→ **Aim of the exercise**:
Show, from the records below, all lines that contain the word "apply".

Stored data:
------------------------------------------------
Lemma rel_entropy_scale r c A B X (x : 'I_n -> R) (y : 'I_m -> R) :
    (forall i, 0 < x i) -> (forall j, 0 < y j) ->
    (forall i j, B i j = A i j * x i * y j) -> nonneg_mx A -> transport_plan r c A X ->
  rel_entropy X A = rel_entropy X B + (\sum_i r i * ln (x i) + \sum_j c j * ln (y j)).
Proof.
move=> x0 y0 BE A0 [_ Xr Xc XA].
have lnB i j : X i j * ln (B i j) = X i j * ln (A i j) + X i j * ln (x i) + X i j * ln (y j).
  have [Aij0|Aij_neq0] := eqVneq (A i j) 0; first by rewrite (XA _ _ Aij0) !mul0r !addr0.
  have Aij0 : 0 < A i j by rewrite lt_neqAle eq_sym Aij_neq0 A0.
  by rewrite BE !lnM ?posrE ?mulr_gt0 // !mulrDr.
have rows : \sum_i \sum_j X i j * ln (x i) = \sum_i r i * ln (x i).
  by apply: eq_bigr => i _; rewrite -mulr_suml -/(row_sum X i) Xr.
have cols : \sum_i \sum_j X i j * ln (y j) = \sum_j c j * ln (y j).
  by rewrite exchange_big; apply: eq_bigr => j _; rewrite -mulr_suml -/(col_sum X j) Xc.
have -> : rel_entropy X B =
    rel_entropy X A - \sum_i \sum_j (X i j * ln (x i) + X i j * ln (y j)).
  rewrite /rel_entropy -sumrB; apply: eq_bigr => i _.
  by rewrite -sumrB; apply: eq_bigr => j _; rewrite lnB; ring.
under eq_bigr do rewrite big_split /=.
by rewrite big_split /= rows cols; ring.
Qed.

Lemma rel_entropy_midpoint_leif A P Q : nonneg_mx P -> nonneg_mx Q ->
  0 <= rel_entropy P A + rel_entropy Q A
         - 2 * rel_entropy (\matrix_(i, j) ((P i j + Q i j) / 2)) A ?= iff (P == Q).
Proof.
move=> P0 Q0.
have -> : (P == Q) = [forall i, [forall j, P i j == Q i j]].
  apply/eqP/forallP => [-> i|PQ]; first exact/forallP.
  by apply/matrixP => i j; apply/eqP; exact: (forallP (PQ i)).
rewrite /rel_entropy mulr_sumr -big_split -sumrB /=.
under eq_bigr do rewrite mulr_sumr -big_split -sumrB /=.
apply: leif_0_sum => i _; apply: leif_0_sum => j _.
rewrite mxE; set mid := (P i j + Q i j) / 2.
rewrite (_ : _ - _ = P i j * ln (P i j) + Q i j * ln (Q i j) - 2 * (mid * ln mid)).
  exact: xlnx_midpoint_leif.
by rewrite /mid; field.
Qed.

End rel_entropy.

Section sinkhorn_iterates.
Variables (R : realType) (n m : nat) (r : 'I_n -> R) (c : 'I_m -> R) (A : 'M[R]_(n, m)).
Hypotheses (A0 : nonneg_mx A) (r0 : pos_vec r) (c0 : pos_vec c).
Hypothesis A_def : sinkhorn_defined r c A.
Local Notation s := (sinkhorn_seq r c A).

Lemma sinkhorn_seq_scaling k : exists (x : 'I_n -> R) (y : 'I_m -> R),
  [/\ forall i, 0 < x i, forall j, 0 < y j & forall i j, s k i j = A i j * x i * y j].
Proof.
elim: k => [|k [x [y [x0 y0 skE]]]].
  by exists (fun=> 1), (fun=> 1); split => // i j; rewrite !mulr1.
have sk0 i j : 0 <= s k i j by rewrite skE !mulr_ge0 // ltW.
have := A_def k; rewrite /=; case: (odd k) => /= sum_neq0.
- exists x, (fun j => y j * (c j / col_sum (s k) j)); split => // [j|i j]; last first.
    by rewrite mxE skE; ring.
  by rewrite mulr_gt0 ?divr_gt0 // lt_neqAle eq_sym sum_neq0 sumr_ge0.
- exists (fun i => x i * (r i / row_sum (s k) i)), y; split => // [i|i j]; last first.
    by rewrite mxE skE; ring.
  by rewrite mulr_gt0 ?divr_gt0 // lt_neqAle eq_sym sum_neq0 sumr_ge0.
Qed.

Lemma row_sum_sinkhorn_odd k i : row_sum (s k.*2.+1) i = r i.
Proof.
have := A_def k.*2; rewrite /= odd_double /= => /(_ i) sum_neq0.
rewrite /row_sum; under eq_bigr do rewrite mxE.
by rewrite -mulr_suml mulrCA divff // mulr1.
Qed.

Lemma col_sum_sinkhorn_even k j : col_sum (s k.*2.+2) j = c j.
Proof.
have := A_def k.*2.+1; rewrite /= odd_double /= => /(_ j) sum_neq0.
rewrite /col_sum; under eq_bigr do rewrite mxE.
by rewrite -mulr_suml mulrCA divff // mulr1.
Qed.

Variable P : 'M[R]_(n, m).
Hypothesis sP : s @ \oo --> P.
Unset Implicit Arguments.
Theorem theorem1 (R : realType) (phi : R -> R)
  (r : nat) (p : 'I_r -> R) (F : 'I_r -> 'I_r -> probability R R)
  (r' : nat) (p' : 'I_r' -> R) (F' : 'I_r' -> 'I_r' -> probability R R) :
  wsbm p F -> Fz_lin_indep p F ->
  wsbm p' F' -> Fz_lin_indep p' F' ->
  ((forall x2 x3, twostar_cdf p F x2 x3 = twostar_cdf p' F' x2 x3) ->
     r = r')
  /\
  (measurable_fun setT phi ->
   (forall z1 z2, (F z1 z2).-integrable setT (fun x => (phi x)%:E)) ->
   (forall z1 z2, (F' z1 z2).-integrable setT (fun x => (phi x)%:E)) ->
   (forall x2 x3 x4,
      threestar_cdf p F x2 x3 x4 = threestar_cdf p' F' x2 x3 x4) ->
   (forall x12 x13 x34,
      path_cdf p F x12 x13 x34 = path_cdf p' F' x12 x13 x34) ->
   exists sigma : 'I_r -> 'I_r',
     bijective sigma /\
     (forall z, p' (sigma z) = p z) /\
     (forall z1 z2, cond_exp F' phi (sigma z1) (sigma z2) = cond_exp F phi z1 z2)).
Proof.
move=> [p_gt0 [p_sum1 _]] a_indep [q_gt0 [q_sum1 _]] b_indep.
have p_neq0 z : p z != 0 by exact: lt0r_neq0.
have q_neq0 w : p' w != 0 by exact: lt0r_neq0.
have mix2 : (forall x y, twostar_cdf p F x y = twostar_cdf p' F' x y) ->
    forall x y, mixture2 p (node_cdf p F) x y = mixture2 p' (node_cdf p' F') x y.
  by move=> two x y; rewrite -!twostar_cdfE.
split=> [two|_ _ _ three path].
  exact: mixture2_card_eq p_neq0 q_neq0 a_indep b_indep (mix2 two).
have two x y : twostar_cdf p F x y = twostar_cdf p' F' x y.
  have three_lim : threestar_cdf p F x y t @[t --> +oo%R] --> twostar_cdf p' F' x y.
    by under eq_cvg do rewrite three; exact: threestar_cdf_cvgy.
  exact: cvg_unique _ (threestar_cdf_cvgy p_sum1) three_lim.
have mix3 x y t :
    mixture3 p (node_cdf p F) x y t = mixture3 p' (node_cdf p' F') x y t.
  by rewrite -!threestar_cdfE.
have [s [s_bij node_s p_s]] :=
  mixture3_relabel p_neq0 q_neq0 a_indep b_indep (mix2 two) mix3.
exists s; split=> //; split=> // z1 z2.
by apply: cond_exp_eq_cdf => x; exact: edge_cdf_relabel.
Qed.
------------------------------------------------
→ **Exercise response**:
  by apply: eq_bigr => i _; rewrite -mulr_suml -/(row_sum X i) Xr.
  by rewrite exchange_big; apply: eq_bigr => j _; rewrite -mulr_suml -/(col_sum X j) Xc.
  rewrite /rel_entropy -sumrB; apply: eq_bigr => i _.
  by rewrite -sumrB; apply: eq_bigr => j _; rewrite lnB; ring.
  apply/eqP/forallP => [-> i|PQ]; first exact/forallP.
  by apply/matrixP => i j; apply/eqP; exact: (forallP (PQ i)).
apply: leif_0_sum => i _; apply: leif_0_sum => j _.
by apply: cond_exp_eq_cdf => x; exact: edge_cdf_relabel.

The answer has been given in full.